Perioperative thromboprophylaxis appears to reduce the risk of postoperative VTE for CS patients, though relatively little is published on the topic and there are no clear recommendations regarding the type or duration of anticoagulation. Boscaro and colleagues ¹³ compared the rate of VTE in 75 patients who did not receive postoperative anticoagulation (group 1) to 232 patients who received unfractionated heparin for at least 2 weeks followed by warfarin for at least 4 months (group 2). VTE rate was reduced from 20% in group 1 to 6% in group 2, and survival analysis demonstrated a significantly lower rate of morbidity and mortality from thromboembolic events in group 2. Recently, Barbot and colleagues ¹⁹ compared 2 groups of Cushing’s disease patients undergoing TSS; group A received fractionated heparin from postoperative day 1 to discharge or a total of 14 days plus glucocorticoid replacement, and group B was managed with 30 days of fractionated heparin, compression stockings, early ambulation, and omission of glucocorticoids. There were no VTE events in group B compared to 3 in group A, though the difference was not quite statistically significant. The hypercoagulable state of CS may persist well beyond the time that cortisol levels return to normal. Markers of hemostasis and fibrinolysis failed to change significantly after 80 days in a group of patients with Cushing’s disease managed medically to biochemical remission of hypercortisolemia as indicated by normalization of 24-hour urine-free cortisol. ²⁰ Though PVT was our patient’s initial thromboembolic event, she was managed with a 6-month course of warfarin due to occurrence of VTE in the setting of CS.

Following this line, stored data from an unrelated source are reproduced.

Section Reduction.
Variable T : finType.
Implicit Types (I : {set {set T}}) (r : nat).

Lemma contract_coloops I r : is_matroid I -> has_rank I r ->
  exists c I', [/\ is_matroid I', has_rank I' (r - c), coloop_free I' (r - c)
    & indep_poly I = ('X + 1) ^+ c * indep_poly I'].
Proof.
elim: r I => [|r IH] I M R.
  exists 0%N, I; split; rewrite ?expr0 ?mul1r //.
  apply/forallP => f; apply/coloopPn; exists set0; rewrite ?cards0 ?inE //.
  by case: M.
have [free | /forallPn[f /negPn f_coloop]] := boolP (coloop_free I r.+1).
  by exists 0%N, I; rewrite subn0 expr0 mul1r.
have [_ [B BI Br]] := R.
have fI : [set f] \in I.
  by apply: (matroid_indepS M BI); rewrite sub1set (coloopP _ _ _ f_coloop B BI Br).
have [c [I' [M' R' free' EI']]] :=
  IH _ (contraction_matroid M fI) (has_rank_contraction M R fI).
exists c.+1, I'; rewrite subSS; split=> //.
rewrite (indep_poly_deletion_contraction f M) (deletion_coloop M R f_coloop) EI'.
by rewrite exprS; ring.
Qed.

Lemma set_system_has_rank I : set_system I -> has_rank I (dOm I).
Proof.
move=> /set0Pn[A AI]; split=> [B BI|]; first exact: leq_bigmax_cond.
have [|B BI dB] := eq_bigmax_cond (fun S : {set T} => #|S|) (_ : 0 < #|I|)%N.
  by apply/card_gt0P; exists A.
by exists B.
Qed.

Lemma coloop_free_indep_poly_Nroot I r : is_matroid I -> has_rank I r ->
  coloop_free I r -> ~~ root (indep_poly I) (-1).
Proof.
move=> M R free; apply/negP => /rootP F0.
have J1 : root (Jpoly r I) 1.
  by rewrite /root /Jpoly hornerZ horner_comp horner_Jsub1 F0 mulr0.
have /eqP := nneg_coef_root_eq0 (coloop_free_Jpoly M R free).1 ltr01 J1.
rewrite scaler_eq0 expf_eq0 oppr_eq0 pnatr_eq0 andbF /= comp_poly2_eq0 ?size_Jsub //.
by rewrite -size_poly_eq0 (size_indep_poly R).
Qed.

Lemma Ftilde_factor I c p :
  FOm I = ('X + 1) ^+ c * p -> ~~ root p (-1) -> Ftilde I = p.
Proof.
move=> F_eq p_Nroot; have X1E : 'X + 1 = 'X - (-1)%:P :> {poly rat}.
  by rewrite polyCN opprK.
rewrite /Ftilde F_eq mupMl // X1E mup_XsubCX eqxx mulrC mulpK //.
by rewrite expf_neq0 // -size_poly_eq0 size_XsubC.
Qed.

End Reduction.

Theorem theorem6p4 (T : finType) (I : {set {set T}}) :
  is_matroid I -> in_Jplus I.
Proof.
move=> M; have [I0 _ _] := M.
have R : has_rank I (dOm I) by apply: set_system_has_rank; apply/set0Pn; exists set0.
have [c [I' [M' R' free' EI']]] := contract_coloops M R.
have Ftilde_I : Ftilde I = indep_poly I'.
  apply: (Ftilde_factor (c := c)) (coloop_free_indep_poly_Nroot M' R' free').
  by rewrite FOm_indep_poly EI'.
move=> k _; rewrite /JOm /tOm Ftilde_I (size_indep_poly R').
exact: (coloop_free_Jpoly M' R' free').1.
Qed.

Elevated serum cortisol induces changes in hemostatic and fibrinolytic pathways that create a prothombotic state, and this manifests clinically as increased risks of spontaneous and postoperative VTE. Lower extremity DVT and PE account for the significant majority of thrombotic events in CS patients. We present a case of CS due to an adrenal adenoma as the etiology of PVT, a rare clinical event that mostly occurs as a complication of cirrhosis or hepatobiliary malignancy. This appears to be only the second reported case of PVT complicating CS and the first in the English language peer-reviewed literature. The patient responded well to initial treatment with unfractionated heparin and antimicrobial therapy followed by laparoscopic adrenalectomy and a 6-month course of warfarin. Prolonged anticoagulation for patients with CS and VTE appears advisable given potential persistence of a hypercoagulable state beyond initial resolution of hypercortisolemia. Though lower extremity DVT and PE are the most likely complications of hypercoagulability in CS, this case illustrates that CS also has the potential to cause PVT.